> [Saved data entries]:
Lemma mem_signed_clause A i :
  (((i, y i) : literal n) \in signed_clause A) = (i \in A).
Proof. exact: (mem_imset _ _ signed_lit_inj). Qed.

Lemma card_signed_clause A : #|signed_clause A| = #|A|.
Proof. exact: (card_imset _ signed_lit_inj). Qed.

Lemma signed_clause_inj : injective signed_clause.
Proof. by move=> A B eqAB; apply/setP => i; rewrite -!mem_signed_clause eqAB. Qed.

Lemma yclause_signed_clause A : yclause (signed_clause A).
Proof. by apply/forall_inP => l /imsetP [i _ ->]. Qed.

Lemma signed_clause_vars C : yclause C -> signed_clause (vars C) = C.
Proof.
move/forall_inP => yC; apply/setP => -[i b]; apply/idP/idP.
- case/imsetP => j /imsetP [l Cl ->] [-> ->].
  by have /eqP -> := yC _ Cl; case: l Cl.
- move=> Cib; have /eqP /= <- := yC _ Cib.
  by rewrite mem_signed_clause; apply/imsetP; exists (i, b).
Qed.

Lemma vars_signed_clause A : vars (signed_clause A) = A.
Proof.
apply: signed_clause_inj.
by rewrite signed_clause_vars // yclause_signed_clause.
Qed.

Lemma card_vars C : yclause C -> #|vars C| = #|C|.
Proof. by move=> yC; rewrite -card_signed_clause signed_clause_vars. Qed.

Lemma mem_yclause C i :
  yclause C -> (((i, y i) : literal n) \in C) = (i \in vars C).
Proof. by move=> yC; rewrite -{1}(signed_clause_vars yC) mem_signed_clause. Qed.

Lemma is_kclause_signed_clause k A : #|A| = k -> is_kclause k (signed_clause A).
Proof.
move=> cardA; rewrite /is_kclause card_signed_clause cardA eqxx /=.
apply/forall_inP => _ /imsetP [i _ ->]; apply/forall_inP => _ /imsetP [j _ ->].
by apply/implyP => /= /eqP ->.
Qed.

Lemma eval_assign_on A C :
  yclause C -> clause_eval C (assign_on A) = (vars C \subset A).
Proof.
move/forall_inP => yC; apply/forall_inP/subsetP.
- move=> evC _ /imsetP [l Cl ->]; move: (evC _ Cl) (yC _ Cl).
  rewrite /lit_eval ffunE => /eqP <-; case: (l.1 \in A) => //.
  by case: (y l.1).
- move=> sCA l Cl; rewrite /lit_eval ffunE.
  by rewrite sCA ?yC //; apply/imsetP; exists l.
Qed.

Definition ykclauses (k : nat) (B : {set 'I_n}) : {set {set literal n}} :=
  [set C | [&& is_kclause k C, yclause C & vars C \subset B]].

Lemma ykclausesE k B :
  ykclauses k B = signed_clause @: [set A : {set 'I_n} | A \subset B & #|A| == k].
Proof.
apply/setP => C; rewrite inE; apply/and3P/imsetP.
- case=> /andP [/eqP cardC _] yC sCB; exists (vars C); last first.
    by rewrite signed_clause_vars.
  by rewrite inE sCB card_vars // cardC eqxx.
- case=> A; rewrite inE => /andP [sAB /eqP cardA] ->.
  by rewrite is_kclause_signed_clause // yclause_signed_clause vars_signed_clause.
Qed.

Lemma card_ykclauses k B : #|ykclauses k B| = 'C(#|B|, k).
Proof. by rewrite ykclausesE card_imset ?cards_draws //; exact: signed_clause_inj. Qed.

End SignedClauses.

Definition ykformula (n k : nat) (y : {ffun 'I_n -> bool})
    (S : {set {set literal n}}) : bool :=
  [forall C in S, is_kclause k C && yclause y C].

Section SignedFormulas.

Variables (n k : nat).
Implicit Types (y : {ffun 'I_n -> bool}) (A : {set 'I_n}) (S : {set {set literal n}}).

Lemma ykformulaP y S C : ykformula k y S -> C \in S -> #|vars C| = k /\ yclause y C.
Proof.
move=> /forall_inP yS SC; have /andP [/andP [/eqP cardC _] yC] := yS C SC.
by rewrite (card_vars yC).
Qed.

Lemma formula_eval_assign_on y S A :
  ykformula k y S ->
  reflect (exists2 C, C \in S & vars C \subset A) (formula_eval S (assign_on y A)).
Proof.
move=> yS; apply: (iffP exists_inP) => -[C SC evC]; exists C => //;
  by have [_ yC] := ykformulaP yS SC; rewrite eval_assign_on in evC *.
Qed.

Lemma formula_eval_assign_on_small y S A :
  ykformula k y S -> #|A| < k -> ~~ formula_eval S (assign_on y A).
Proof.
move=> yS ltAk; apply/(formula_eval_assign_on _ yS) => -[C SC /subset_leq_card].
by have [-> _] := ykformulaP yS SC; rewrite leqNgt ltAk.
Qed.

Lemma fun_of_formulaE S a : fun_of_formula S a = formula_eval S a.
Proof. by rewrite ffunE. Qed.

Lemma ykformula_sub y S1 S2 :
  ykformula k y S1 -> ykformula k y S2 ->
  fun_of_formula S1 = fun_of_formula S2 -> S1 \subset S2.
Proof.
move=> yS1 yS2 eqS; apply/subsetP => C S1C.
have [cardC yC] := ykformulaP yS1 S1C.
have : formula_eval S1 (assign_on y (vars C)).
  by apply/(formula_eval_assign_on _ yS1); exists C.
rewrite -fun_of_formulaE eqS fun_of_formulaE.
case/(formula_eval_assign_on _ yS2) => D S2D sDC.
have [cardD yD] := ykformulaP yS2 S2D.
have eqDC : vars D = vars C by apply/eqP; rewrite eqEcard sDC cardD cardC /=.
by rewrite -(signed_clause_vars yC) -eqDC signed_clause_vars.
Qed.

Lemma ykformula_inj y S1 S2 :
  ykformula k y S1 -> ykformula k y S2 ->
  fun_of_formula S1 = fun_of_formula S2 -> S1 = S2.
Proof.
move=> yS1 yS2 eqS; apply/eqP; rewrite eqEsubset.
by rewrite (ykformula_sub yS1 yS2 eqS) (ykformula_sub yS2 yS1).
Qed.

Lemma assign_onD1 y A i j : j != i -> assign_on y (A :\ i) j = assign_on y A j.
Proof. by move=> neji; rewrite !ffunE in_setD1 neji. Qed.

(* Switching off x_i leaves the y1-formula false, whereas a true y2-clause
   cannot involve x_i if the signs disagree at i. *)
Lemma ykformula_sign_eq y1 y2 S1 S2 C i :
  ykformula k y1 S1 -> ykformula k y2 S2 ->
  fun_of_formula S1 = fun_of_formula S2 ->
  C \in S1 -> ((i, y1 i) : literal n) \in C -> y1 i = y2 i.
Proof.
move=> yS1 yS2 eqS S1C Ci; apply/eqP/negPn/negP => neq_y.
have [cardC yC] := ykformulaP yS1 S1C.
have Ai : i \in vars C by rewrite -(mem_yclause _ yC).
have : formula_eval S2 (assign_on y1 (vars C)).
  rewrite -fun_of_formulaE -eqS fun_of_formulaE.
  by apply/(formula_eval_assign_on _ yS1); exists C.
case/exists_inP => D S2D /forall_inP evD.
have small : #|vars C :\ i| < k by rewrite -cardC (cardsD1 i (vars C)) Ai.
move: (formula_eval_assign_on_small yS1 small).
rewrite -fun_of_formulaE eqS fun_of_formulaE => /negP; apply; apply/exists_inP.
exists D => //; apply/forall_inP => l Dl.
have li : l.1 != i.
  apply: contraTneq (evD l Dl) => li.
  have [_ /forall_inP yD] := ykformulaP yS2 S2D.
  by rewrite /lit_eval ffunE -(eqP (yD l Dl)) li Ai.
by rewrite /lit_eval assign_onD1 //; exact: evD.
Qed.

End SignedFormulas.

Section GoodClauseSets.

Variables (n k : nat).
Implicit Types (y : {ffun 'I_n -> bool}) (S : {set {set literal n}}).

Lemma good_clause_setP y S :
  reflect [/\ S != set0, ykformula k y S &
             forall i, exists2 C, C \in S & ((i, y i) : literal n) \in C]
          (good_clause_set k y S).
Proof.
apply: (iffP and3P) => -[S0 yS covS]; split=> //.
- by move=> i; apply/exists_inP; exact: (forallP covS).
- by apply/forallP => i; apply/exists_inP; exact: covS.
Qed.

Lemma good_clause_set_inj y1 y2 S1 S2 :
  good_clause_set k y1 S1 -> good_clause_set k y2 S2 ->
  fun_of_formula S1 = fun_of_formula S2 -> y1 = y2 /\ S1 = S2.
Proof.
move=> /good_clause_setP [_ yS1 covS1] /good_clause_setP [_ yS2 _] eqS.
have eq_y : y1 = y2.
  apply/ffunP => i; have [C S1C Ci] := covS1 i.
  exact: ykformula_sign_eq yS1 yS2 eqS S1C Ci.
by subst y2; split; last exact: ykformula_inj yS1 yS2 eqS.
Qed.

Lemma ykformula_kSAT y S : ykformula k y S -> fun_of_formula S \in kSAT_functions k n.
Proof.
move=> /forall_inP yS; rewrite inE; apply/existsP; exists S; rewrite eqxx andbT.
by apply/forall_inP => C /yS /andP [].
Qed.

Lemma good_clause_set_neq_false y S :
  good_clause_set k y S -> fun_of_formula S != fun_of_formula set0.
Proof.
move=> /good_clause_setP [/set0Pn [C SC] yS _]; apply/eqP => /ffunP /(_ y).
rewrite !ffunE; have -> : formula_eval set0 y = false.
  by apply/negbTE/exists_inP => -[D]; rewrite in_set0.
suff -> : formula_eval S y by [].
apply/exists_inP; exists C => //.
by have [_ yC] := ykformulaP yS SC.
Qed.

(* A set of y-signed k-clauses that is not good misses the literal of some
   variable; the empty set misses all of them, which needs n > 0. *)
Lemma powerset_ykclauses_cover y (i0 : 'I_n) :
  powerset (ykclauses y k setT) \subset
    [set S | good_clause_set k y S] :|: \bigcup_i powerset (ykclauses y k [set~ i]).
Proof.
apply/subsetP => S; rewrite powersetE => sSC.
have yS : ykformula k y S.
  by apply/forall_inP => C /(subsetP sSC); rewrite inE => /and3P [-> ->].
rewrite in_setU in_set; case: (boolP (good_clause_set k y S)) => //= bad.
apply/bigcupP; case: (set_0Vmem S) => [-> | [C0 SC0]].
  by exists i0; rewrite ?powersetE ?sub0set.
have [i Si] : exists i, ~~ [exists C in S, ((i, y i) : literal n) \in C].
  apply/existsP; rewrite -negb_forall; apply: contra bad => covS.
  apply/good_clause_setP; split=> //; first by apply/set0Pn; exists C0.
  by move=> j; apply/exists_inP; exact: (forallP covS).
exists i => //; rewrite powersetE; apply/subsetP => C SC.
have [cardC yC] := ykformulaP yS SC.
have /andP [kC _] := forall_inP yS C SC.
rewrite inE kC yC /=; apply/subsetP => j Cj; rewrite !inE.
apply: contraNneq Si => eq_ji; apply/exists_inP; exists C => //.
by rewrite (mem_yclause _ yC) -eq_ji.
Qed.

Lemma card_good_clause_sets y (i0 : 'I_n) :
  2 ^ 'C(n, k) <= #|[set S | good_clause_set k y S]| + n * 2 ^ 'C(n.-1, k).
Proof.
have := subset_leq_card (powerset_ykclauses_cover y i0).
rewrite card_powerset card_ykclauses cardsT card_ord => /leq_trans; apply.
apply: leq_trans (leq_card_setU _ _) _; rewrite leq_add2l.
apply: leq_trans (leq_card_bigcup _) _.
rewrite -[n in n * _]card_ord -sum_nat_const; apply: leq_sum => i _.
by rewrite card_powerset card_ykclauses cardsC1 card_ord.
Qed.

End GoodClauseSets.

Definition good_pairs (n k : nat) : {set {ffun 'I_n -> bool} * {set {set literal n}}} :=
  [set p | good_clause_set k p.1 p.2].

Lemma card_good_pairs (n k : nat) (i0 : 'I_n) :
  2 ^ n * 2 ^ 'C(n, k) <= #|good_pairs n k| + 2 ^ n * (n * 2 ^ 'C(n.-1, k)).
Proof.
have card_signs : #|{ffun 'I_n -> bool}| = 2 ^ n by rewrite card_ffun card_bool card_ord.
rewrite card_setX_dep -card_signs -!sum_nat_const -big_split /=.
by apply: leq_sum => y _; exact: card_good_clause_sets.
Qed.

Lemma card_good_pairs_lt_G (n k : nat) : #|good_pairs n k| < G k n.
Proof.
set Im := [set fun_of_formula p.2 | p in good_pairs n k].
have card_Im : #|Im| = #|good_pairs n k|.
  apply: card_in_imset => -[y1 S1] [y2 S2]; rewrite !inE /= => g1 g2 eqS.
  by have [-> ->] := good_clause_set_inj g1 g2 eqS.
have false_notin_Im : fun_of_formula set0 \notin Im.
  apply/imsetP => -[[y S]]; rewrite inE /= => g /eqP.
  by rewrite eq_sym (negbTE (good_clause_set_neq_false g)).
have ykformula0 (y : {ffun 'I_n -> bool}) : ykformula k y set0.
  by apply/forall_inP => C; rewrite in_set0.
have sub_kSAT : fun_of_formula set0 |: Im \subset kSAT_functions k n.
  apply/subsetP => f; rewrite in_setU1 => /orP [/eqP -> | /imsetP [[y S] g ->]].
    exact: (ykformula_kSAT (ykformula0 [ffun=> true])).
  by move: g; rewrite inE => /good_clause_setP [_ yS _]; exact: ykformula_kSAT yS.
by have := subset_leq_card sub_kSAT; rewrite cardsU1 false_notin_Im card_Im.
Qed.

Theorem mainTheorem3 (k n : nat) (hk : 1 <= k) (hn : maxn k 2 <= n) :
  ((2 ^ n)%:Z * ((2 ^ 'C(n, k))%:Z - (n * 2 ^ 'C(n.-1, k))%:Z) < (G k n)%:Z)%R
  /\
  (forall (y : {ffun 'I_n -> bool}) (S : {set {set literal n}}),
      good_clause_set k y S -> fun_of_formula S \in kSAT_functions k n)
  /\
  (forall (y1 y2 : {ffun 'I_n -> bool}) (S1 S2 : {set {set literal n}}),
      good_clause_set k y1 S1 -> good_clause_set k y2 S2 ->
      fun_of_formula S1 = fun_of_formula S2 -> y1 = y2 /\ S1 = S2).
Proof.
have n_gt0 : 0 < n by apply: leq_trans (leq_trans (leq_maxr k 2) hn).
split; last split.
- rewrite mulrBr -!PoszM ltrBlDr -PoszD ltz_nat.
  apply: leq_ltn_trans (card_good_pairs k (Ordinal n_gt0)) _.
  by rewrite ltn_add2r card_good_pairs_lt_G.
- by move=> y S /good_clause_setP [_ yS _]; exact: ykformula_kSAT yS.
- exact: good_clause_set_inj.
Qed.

> [TASK]:
Reading through the records above, report each line in which the string "ltAk" is found.

> [WRITTEN REPLY]:
move=> yS ltAk; apply/(formula_eval_assign_on _ yS) => -[C SC /subset_leq_card].
by have [-> _] := ykformulaP yS SC; rewrite leqNgt ltAk.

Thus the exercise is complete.